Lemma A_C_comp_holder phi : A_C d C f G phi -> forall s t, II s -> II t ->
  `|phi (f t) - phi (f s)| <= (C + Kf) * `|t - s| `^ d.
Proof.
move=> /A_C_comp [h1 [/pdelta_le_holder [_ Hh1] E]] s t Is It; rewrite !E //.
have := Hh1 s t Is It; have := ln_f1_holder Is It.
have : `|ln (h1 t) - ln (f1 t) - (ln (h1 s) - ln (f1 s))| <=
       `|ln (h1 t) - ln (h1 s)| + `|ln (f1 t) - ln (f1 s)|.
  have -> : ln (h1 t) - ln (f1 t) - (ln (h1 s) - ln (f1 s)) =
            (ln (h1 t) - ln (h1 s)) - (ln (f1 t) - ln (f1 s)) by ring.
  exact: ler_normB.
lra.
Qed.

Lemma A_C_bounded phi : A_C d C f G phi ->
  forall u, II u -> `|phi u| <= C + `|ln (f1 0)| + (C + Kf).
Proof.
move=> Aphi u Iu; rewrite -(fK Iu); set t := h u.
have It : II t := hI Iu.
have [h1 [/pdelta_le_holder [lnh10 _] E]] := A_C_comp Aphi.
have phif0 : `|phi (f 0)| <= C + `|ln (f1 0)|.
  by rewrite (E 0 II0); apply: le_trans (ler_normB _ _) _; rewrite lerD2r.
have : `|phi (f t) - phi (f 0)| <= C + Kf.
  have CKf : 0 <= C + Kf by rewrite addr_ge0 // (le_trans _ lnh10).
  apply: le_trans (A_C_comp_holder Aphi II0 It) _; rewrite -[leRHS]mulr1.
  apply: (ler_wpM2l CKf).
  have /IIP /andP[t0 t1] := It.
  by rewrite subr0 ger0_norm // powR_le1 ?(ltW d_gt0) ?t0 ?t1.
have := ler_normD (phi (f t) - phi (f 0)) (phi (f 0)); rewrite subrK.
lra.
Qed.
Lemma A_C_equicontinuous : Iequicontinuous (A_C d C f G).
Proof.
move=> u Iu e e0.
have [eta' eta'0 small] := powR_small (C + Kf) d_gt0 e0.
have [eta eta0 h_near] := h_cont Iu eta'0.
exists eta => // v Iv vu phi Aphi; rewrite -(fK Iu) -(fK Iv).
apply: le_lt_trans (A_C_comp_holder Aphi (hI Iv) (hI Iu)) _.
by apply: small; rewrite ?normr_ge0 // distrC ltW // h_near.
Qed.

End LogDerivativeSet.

● **Action item**: Reproduce the entries exactly, but only from their first line to the line holding "Lemma A_C_bounded phi : A_C d C f G phi ->", with that last line kept.

● **Worked solution**:
Lemma A_C_comp_holder phi : A_C d C f G phi -> forall s t, II s -> II t ->
  `|phi (f t) - phi (f s)| <= (C + Kf) * `|t - s| `^ d.
Proof.
move=> /A_C_comp [h1 [/pdelta_le_holder [_ Hh1] E]] s t Is It; rewrite !E //.
have := Hh1 s t Is It; have := ln_f1_holder Is It.
have : `|ln (h1 t) - ln (f1 t) - (ln (h1 s) - ln (f1 s))| <=
       `|ln (h1 t) - ln (h1 s)| + `|ln (f1 t) - ln (f1 s)|.
  have -> : ln (h1 t) - ln (f1 t) - (ln (h1 s) - ln (f1 s)) =
            (ln (h1 t) - ln (h1 s)) - (ln (f1 t) - ln (f1 s)) by ring.
  exact: ler_normB.
lra.
Qed.

Lemma A_C_bounded phi : A_C d C f G phi ->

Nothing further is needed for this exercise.